Une première piste de travail, consistant à reprendre les procédures néo-calédoniennes éprouvées depuis quatre ans, serait d’étudier la faisabilité produit par produit, en se penchant sur leur mode de reconnaissance dans leur pays d’origine (équivalents à des certifications) et d’analyser les performances ainsi reconnues au regard des besoins. « En effet, leur gouvernement n’imposant pas le marquage "CE", ils ont développé tout un dispositif d’accréditation locale de produits étranger de façon à répondre aux exigences de leur propre système », poursuit-il. 

Voici donc un chantier colossal qui attend les territoires ultra-marins. Mais il a été estimé comme étant moins chronophage et fastidieux que la méthode qui consisterait à la mise en place d’équivalences de normes nationales et étrangères. En effet, de tels travaux reviendraient à rapprocher des textes normatifs mouvants et qui ont été rédigés selon des philosophies très différentes. Seule une collaboration au sein de comités de normalisation communs pourrait apporter des résultats à très long terme.

Trois produits sur le banc d’essai

Afin d’identifier concrètement les étapes et freins à l’application de l’exemption au marquage CE, trois produits ont été retenus pour tester la démarche : la tôle de couverture, le carrelage et le bois. « Nous avons choisi la tôle parce que la couverture est un sujet central en zone cyclonique. Le carrelage quant à lui bénéficie d’un marquage Upec. Les pays limitrophes des Drom ont des marquages ressemblants. Peut-être pourrons-nous établir des équivalences. Enfin, le bois sera à l’étude car il permet d'aborder la question des matériaux biosourcés. Peut-être aussi que les bois locaux sont mieux adaptés au climat tropical, ce qui reste à prouver. Il s'agira également d'étudier les conséquences sur nos territoires d’un approvisionnement local et l’impact carbone, ainsi que les questions de mises en concurrence et d’économie », détaille Aurélien Lopes. Tout cela au regard des exigences réglementaires, normatives et assurantiels, rappelons-le.

Après une préparation mutualisée, les études et « mises en situation » se feront localement pour chaque territoire, car, seules des concertations locales pourront identifier les difficultés et opportunités vis-à-vis de l’écosystème existant. L’ensemble de ces dispositions et d’autres seront inscrits dans un livre blanc qui sera présenté au salon Batimat à Paris le 1er octobre prochain.

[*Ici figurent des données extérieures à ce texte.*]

Lemma square_lipschitz r (L : fn) p0 r0 G p q : (forall z, square p0 r0 z -> opendisc r z) ->
  smooth_on r L -> (forall z, square p0 r0 z -> Rabs (dx L z) <= G /\ Rabs (dy L z) <= G) ->
  square p0 r0 p -> square p0 r0 q ->
  Rabs (L q - L p) <= G * (Rabs (fst q - fst p) + Rabs (snd q - snd p)).
Proof.
  intros Hin HL HG [[P1 P2] [P3 P4]] [[Q1 Q2] [Q3 Q4]].
  destruct p as [px py], q as [qx qy]. simpl in *.
  assert (Seg : forall x y, Rmin px qx <= x <= Rmax px qx -> Rmin py qy <= y <= Rmax py qy ->
      square p0 r0 (x, y)).
  { intros x y Hx Hy. unfold Rmin, Rmax in Hx, Hy. unfold square; simpl.
    destruct (Rle_dec px qx), (Rle_dec py qy); lra. }
  assert (Bx : Rabs (L (qx, py) - L (px, py)) <= G * Rabs (qx - px)).
  { apply (mvt_bound (fun t => L (t, py)) (fun t => dx L (t, py))). intros t Ht.
    assert (Hs : square p0 r0 (t, py))
      by (apply Seg; [exact Ht | split; [apply Rmin_l | apply Rmax_l]]).
    exact (conj (smooth_is_derive_x r L t py HL (Hin _ Hs)) (proj1 (HG _ Hs))). }
  assert (By : Rabs (L (qx, qy) - L (qx, py)) <= G * Rabs (qy - py)).
  { apply (mvt_bound (fun t => L (qx, t)) (fun t => dy L (qx, t))). intros t Ht.
    assert (Hs : square p0 r0 (qx, t))
      by (apply Seg; [split; [apply Rmin_r | apply Rmax_r] | exact Ht]).
    exact (conj (smooth_is_derive_y r L qx t HL (Hin _ Hs)) (proj2 (HG _ Hs))). }
  replace (L (qx, qy) - L (px, py))
    with ((L (qx, qy) - L (qx, py)) + (L (qx, py) - L (px, py))) by ring.
  eapply Rle_trans; [apply Rabs_triang|]. lra.
Qed.

(** * The estimate *)

Section CovectorNorm.

Variables (c : R) (g : metric c).

Lemma covnorm2_nonneg p a b : opendisc c p -> 0 <= covnorm2 g p a b.
Proof.
  intros Hp. destruct (g_posdef c g p Hp) as [P11 PD]. unfold covnorm2.
  apply Rdiv_le_0_compat; [|exact PD].
  apply (Rmult_le_reg_l (g11 g p)); [exact P11|]. rewrite Rmult_0_r.
  replace (g11 g p * _) with ((g11 g p * b - g12 g p * a) ^ 2 + gdet g p * a ^ 2)
    by (unfold gdet; ring).
  fold (gdet g p) in PD.
  pose proof (pow2_ge_0 (g11 g p * b - g12 g p * a)). pose proof (pow2_ge_0 a). nra.
Qed.

Lemma sum_sqr_le_covnorm2 p a b : opendisc c p ->
  a ^ 2 + b ^ 2 <= (g11 g p + g22 g p) * covnorm2 g p a b.
Proof.
  intros Hp. pose proof (gdet_pos c g p Hp) as PD. unfold covnorm2.
  apply (Rmult_le_reg_r (gdet g p)); [exact PD|].
  replace ((g11 g p + g22 g p) * _ * gdet g p)
    with ((g11 g p + g22 g p) * (g22 g p * a ^ 2 - 2 * g12 g p * a * b + g11 g p * b ^ 2))
    by (field; lra).
  replace ((g11 g p + g22 g p) * _) with ((a ^ 2 + b ^ 2) * gdet g p
    + (g22 g p * a - g12 g p * b) ^ 2 + (g11 g p * b - g12 g p * a) ^ 2) by (unfold gdet; ring).
  pose proof (pow2_ge_0 (g22 g p * a - g12 g p * b)).
  pose proof (pow2_ge_0 (g11 g p * b - g12 g p * a)).
  lra.
Qed.

Lemma Rabs_le_of_covnorm2 p a b T N : opendisc c p -> g11 g p + g22 g p <= T ->
  covnorm2 g p a b <= N -> Rabs a <= sqrt (T * N) /\ Rabs b <= sqrt (T * N).
Proof.
  intros Hp HT HN.
  pose proof (sum_sqr_le_covnorm2 p a b Hp). pose proof (covnorm2_nonneg p a b Hp).
  destruct (g_posdef c g p Hp) as [P11 PD].
  assert (P22 : 0 < g22 g p) by nra.
  assert (Hab : a ^ 2 + b ^ 2 <= T * N) by nra.
  pose proof (pow2_ge_0 a). pose proof (pow2_ge_0 b).
  split; rewrite <- sqrt_Rsqr_abs; apply sqrt_le_1_alt; unfold Rsqr; lra.
Qed.
Lemma sum_mul_le_sqrt a b : \sum_(i <- r) a i * b i <=
  Num.sqrt (\sum_(i <- r) a i ^+ 2) * Num.sqrt (\sum_(i <- r) b i ^+ 2).
Proof.
set SA := \sum_(i <- r) a i ^+ 2; set SB := \sum_(i <- r) b i ^+ 2.
have SA0 : 0 <= SA by apply: sumr_ge0 => i _; exact: sqr_ge0.
have SB0 : 0 <= SB by apply: sumr_ge0 => i _; exact: sqr_ge0.
set t := Num.sqrt SA; set u := Num.sqrt SB.
have tSA : t ^+ 2 = SA by exact: sqr_sqrtr.
have uSB : u ^+ 2 = SB by exact: sqr_sqrtr.
(* Termwise AM-GM, scaled so that the right-hand sides sum to [2 (t u)^2]. *)
have key : t * u * \sum_(i <- r) a i * b i <= (t * u) ^+ 2.
  have amgm i : 2 * t * u * (a i * b i) <= u ^+ 2 * a i ^+ 2 + t ^+ 2 * b i ^+ 2.
    by have := sqr_ge0 (u * a i - t * b i); rewrite !expr2; lra.
  have : \sum_(i <- r) 2 * t * u * (a i * b i) <=
         \sum_(i <- r) (u ^+ 2 * a i ^+ 2 + t ^+ 2 * b i ^+ 2).
    by apply: ler_sum => i _; exact: amgm.
  have -> : \sum_(i <- r) (u ^+ 2 * a i ^+ 2 + t ^+ 2 * b i ^+ 2) = 2 * (t * u) ^+ 2.
    by rewrite big_split /= -!mulr_sumr -/SA -/SB -tSA -uSB; ring.
  rewrite -mulr_sumr; lra.
have [tu_eq0|tu_neq0] := eqVneq (t * u) 0; last first.
  have tu_gt0 : 0 < t * u by rewrite lt_def tu_neq0 mulr_ge0 ?sqrtr_ge0.
  by rewrite -(ler_pM2l tu_gt0) -expr2.
rewrite tu_eq0 big_seq big1 // => i ri.
have [SA_eq0|SB_eq0] : SA = 0 \/ SB = 0.
  rewrite -tSA -uSB; move/eqP: tu_eq0; rewrite mulf_eq0.
  by move=> /orP[]/eqP->; [left|right]; rewrite expr0n.
- by rewrite (sum_sqr_eq0 SA_eq0 ri) mul0r.
- by rewrite (sum_sqr_eq0 SB_eq0 ri) mulr0.
Qed.

Lemma sum_sqrD_le a b : \sum_(i <- r) (a i + b i) ^+ 2 <=
  (Num.sqrt (\sum_(i <- r) a i ^+ 2) + Num.sqrt (\sum_(i <- r) b i ^+ 2)) ^+ 2.
Proof.
have SA0 : 0 <= \sum_(i <- r) a i ^+ 2 by apply: sumr_ge0 => i _; exact: sqr_ge0.
have SB0 : 0 <= \sum_(i <- r) b i ^+ 2 by apply: sumr_ge0 => i _; exact: sqr_ge0.
have -> : \sum_(i <- r) (a i + b i) ^+ 2 =
    \sum_(i <- r) a i ^+ 2 + 2 * \sum_(i <- r) a i * b i + \sum_(i <- r) b i ^+ 2.
  by rewrite mulr_sumr -!big_split /=; apply: eq_bigr => i _; ring.
rewrite sqrrD !sqr_sqrtr //; have := sum_mul_le_sqrt a b; lra.
Qed.

End cauchy_schwarz.

Section metric_spaces.
Variable R : realType.

Definition is_metric (T : Type) (d : T -> T -> R) : Prop :=
  [/\ (forall x y, 0 <= d x y), (forall x y, d x y = 0 <-> x = y),
      (forall x y, d x y = d y x) & (forall x y z, d x z <= d x y + d y z)].

Definition metrizes (T : topologicalType) (d : T -> T -> R) : Prop :=
  forall A : set T, open A <->
    (forall x, A x -> exists2 e : R, 0 < e & [set y | d x y < e] `<=` A).

Definition complete_for (T : topologicalType) (d : T -> T -> R) : Prop :=
  forall u : nat -> T,
    (forall e : R, 0 < e -> exists N : nat, forall m n : nat,
       (N <= m)%N -> (N <= n)%N -> d (u m) (u n) < e) ->
    exists l : T, u @ \oo --> l.

Definition separable_space (T : topologicalType) : Prop :=
  exists D : set T, countable D /\ dense D.

Lemma polishP (T : topologicalType) : polish R T <->
  exists d : T -> T -> R,
    [/\ is_metric d, metrizes d, complete_for d & separable_space T].
Proof. by []. Qed.

Section metric_balls.
Variables (T : topologicalType) (d : T -> T -> R).
Hypotheses (d_metric : is_metric d) (d_metrizes : metrizes d).

Lemma open_metric_ball x e : open [set y | d x y < e].
Proof.
case: d_metric => _ _ _ d_tri.
apply/d_metrizes => y /= xy; exists (e - d x y); first by rewrite subr_gt0.
by move=> z /= yz; apply: le_lt_trans (d_tri x y z) _; lra.
Qed.

Lemma metric_nbhsP x (A : set T) :
  nbhs x A <-> exists2 e : R, 0 < e & [set y | d x y < e] `<=` A.
Proof.
case: d_metric => _ d_eq0 _ _; split.
  rewrite nbhsE => -[B [oB Bx] BA].
  by have [e e0 xeB] := (d_metrizes B).1 oB x Bx; exists e => // y /xeB/BA.
move=> [e e0 xeA]; rewrite nbhsE; exists [set y | d x y < e] => //.
by split; [exact: open_metric_ball | rewrite /= (d_eq0 x x).2].
Qed.

End metric_balls.

Section metric_product.
Variables (T1 T2 : topologicalType) (d1 : T1 -> T1 -> R) (d2 : T2 -> T2 -> R).
Hypotheses (d1_metric : is_metric d1) (d2_metric : is_metric d2).
Local Notation d := (fun z w : T1 * T2 => d1 z.1 w.1 + d2 z.2 w.2).

Let d1_le z w : d1 z.1 w.1 <= d z w.
Proof. by case: d2_metric => d2_ge0 _ _ _; rewrite lerDl. Qed.

Let d2_le z w : d2 z.2 w.2 <= d z w.
Proof. by case: d1_metric => d1_ge0 _ _ _; rewrite lerDr. Qed.

Lemma is_metricX : is_metric d.
Proof.
case: d1_metric => d1_ge0 d1_eq0 d1C d1_tri.
case: d2_metric => d2_ge0 d2_eq0 d2C d2_tri.
split=> [z w|[a b] [a' b']|z w|z w v] /=.
- by rewrite addr_ge0.
- split=> [/eqP|[-> ->]]; last by rewrite (d1_eq0 a' a').2 // (d2_eq0 b' b').2 // addr0.
  by rewrite paddr_eq0 // => /andP[/eqP/d1_eq0 -> /eqP/d2_eq0 ->].
- by rewrite d1C d2C.
- by have := d1_tri z.1 w.1 v.1; have := d2_tri z.2 w.2 v.2; lra.
Qed.

Lemma metrizesX : metrizes d1 -> metrizes d2 -> metrizes d.
Proof.
move=> d1_metrizes d2_metrizes A; rewrite openE; split.
  move=> oA z Az; have [[P Q] [/= Pz Qz] PQA] := oA z Az.
  have [e1 e1_gt0 e1P] := (metric_nbhsP d1_metric d1_metrizes z.1 P).1 Pz.
  have [e2 e2_gt0 e2Q] := (metric_nbhsP d2_metric d2_metrizes z.2 Q).1 Qz.
  exists (Order.min e1 e2); first by rewrite lt_min e1_gt0 e2_gt0.
  move=> w /= zw; apply: PQA; split; [apply: e1P | apply: e2Q] => /=.
    by apply: le_lt_trans (d1_le z w) (lt_le_trans zw _); rewrite ge_min lexx.
  by apply: le_lt_trans (d2_le z w) (lt_le_trans zw _); rewrite ge_min lexx orbT.
move=> dA z Az; have [e e_gt0 zeA] := dA z Az.
exists ([set a | d1 z.1 a < e / 2], [set b | d2 z.2 b < e / 2]).
  split; [apply/(metric_nbhsP d1_metric d1_metrizes) |
         apply/(metric_nbhsP d2_metric d2_metrizes)];
    by exists (e / 2) => //; rewrite divr_gt0.
by move=> [a b] /= [za zb]; apply: zeA; rewrite /= [e]splitr ltrD.
Qed.

Lemma complete_forX : complete_for d1 -> complete_for d2 -> complete_for d.
Proof.
move=> d1_complete d2_complete u u_cauchy.
have [l1 ul1] : exists l1 : T1, (fun n => (u n).1) @ \oo --> l1.
  apply: (d1_complete (fun n => (u n).1)) => e /u_cauchy [N uN]; exists N => m n Nm Nn.
  exact: le_lt_trans (d1_le _ _) (uN _ _ Nm Nn).
have [l2 ul2] : exists l2 : T2, (fun n => (u n).2) @ \oo --> l2.
  apply: (d2_complete (fun n => (u n).2)) => e /u_cauchy [N uN]; exists N => m n Nm Nn.
  exact: le_lt_trans (d2_le _ _) (uN _ _ Nm Nn).
exists (l1, l2) => A [[P Q]] /= [l1P l2Q] PQA.
have uPQ : \forall n \near \oo, P (u n).1 /\ Q (u n).2.
  by apply: filterI; [exact: ul1 | exact: ul2].
by apply: filterS uPQ => n /PQA.
Qed.

End metric_product.

Lemma separableX (T1 T2 : topologicalType) :
  separable_space T1 -> separable_space T2 -> separable_space (T1 * T2)%type.
Proof.
move=> [D1 [D1_countable D1_dense]] [D2 [D2_countable D2_dense]].
exists (D1 `*` D2); split; first exact: countableX.
move=> O [z Oz] oO.
have [[P Q] /= [Pz Qz] PQO] := oO z Oz.
have [a [Pa D1a]] := D1_dense P° (ex_intro _ z.1 Pz) (@open_interior _ P).
have [b [Qb D2b]] := D2_dense Q° (ex_intro _ z.2 Qz) (@open_interior _ Q).
by exists (a, b); split; [apply: PQO; split; exact: interior_subset | split].
Qed.

Lemma polishX (T1 T2 : topologicalType) :
  polish R T1 -> polish R T2 -> polish R (T1 * T2)%type.
Proof.
move=> /polishP[d1 [d1_metric d1_metrizes d1_complete T1_separable]].
move=> /polishP[d2 [d2_metric d2_metrizes d2_complete T2_separable]].
apply/polishP; exists (fun z w => d1 z.1 w.1 + d2 z.2 w.2); split.
- exact: is_metricX.
- exact: metrizesX.
- exact: complete_forX.
- exact: separableX.
Qed.

End metric_spaces.

Section borel_sets.
Variable T : topologicalType.
Implicit Types A B U : set T.

Lemma borel_open U : open U -> borel_set U.
Proof. by move=> oU; apply: sub_sigma_algebra. Qed.

Lemma borel_setC A : borel_set A -> borel_set (~` A).
Proof. by move=> bA; rewrite -setTD; exact: sigma_algebraCD. Qed.
(* Let $X_1,\dots,X_n$ be Polish spaces with Borel probability measures $\mu_i$, let $\mu=\prod_{i=1}^n\mu_i$ on $X=\prod_iX_i$, and let $c:X\to\mathbb{R}$ be Borel measurable with $c\in L^1(X,\mu)$. For $y\in X$ and $\alpha\subseteq\{1,\dots,n\}$ let $c_\alpha(x_\alpha)=c(x_\alpha y_{\{1,\dots,n\}\setminus\alpha})$ on $X_\alpha$. Then there exists $y\in X$ such that for every $\alpha\subseteq\{1,\dots,n\}$ the function $c_\alpha$ is integrable with respect to $\mu_\alpha=\prod_{i\in\alpha}\mu_i$ and $\|c_\alpha\|_{L^1(\mu_\alpha)}\le 2^{n+1}\|c\|_{L^1(\mu)}$ (for $\alpha=\varnothing$ this means $|c(y)|\le2^{n+1}\|c\|_{L^1(\mu)}$).
   Context: $X_\alpha=\prod_{i\in\alpha}X_i$; for disjoint $\alpha,\beta$, $x_\alpha y_\beta$ denotes the point of $X_{\alpha\sqcup\beta}$ whose coordinates are taken from $x_\alpha$ and $y_\beta$. *)

From HB Require Import structures.
From mathcomp Require Import all_boot all_order all_algebra.
From mathcomp Require Import all_classical all_reals all_analysis.
Set Implicit Arguments. Unset Strict Implicit. Unset Printing Implicit Defensive.
Import Order.TTheory GRing.Theory Num.Theory.
(* Product topology on dependent function types (as in ArrowAsProduct),
   declared here for pointed factors so that the product is a ptopologicalType. *)
HB.instance Definition _ (U : Type) (T : U -> ptopologicalType) :=
  Topological.copy (forall x : U, T x) (prod_topology T).
Local Open Scope classical_set_scope.
Local Open Scope ring_scope.

(* A Polish space, presented (as usual) together with a compatible complete
   metric: a complete (pseudo)metric space which is Hausdorff (so the
   pseudometric is a metric) and separable. *)
Definition polish_space (R : realType) (T : completePseudoMetricType R) : Prop :=
  hausdorff_space T /\ exists S : set T, countable S /\ dense S.

Definition borel (T : ptopologicalType) := g_sigma_algebraType (@open T).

Une instance outre-mer unique
En parallèle de ces travaux, la création d’une instance outre-mer qui permettrait notamment de favoriser la collaboration entre les territoires ultramarins est à l’étude. Cette structure assurera un rôle d’interface entre les instances nationales et les cellules locales. Elle permettra de mutualiser certains travaux et de proposer à l’État et aux instances nationales un interlocuteur crédible sur la question de l’adaptation des normes, tout en privilégiant les concertations locales.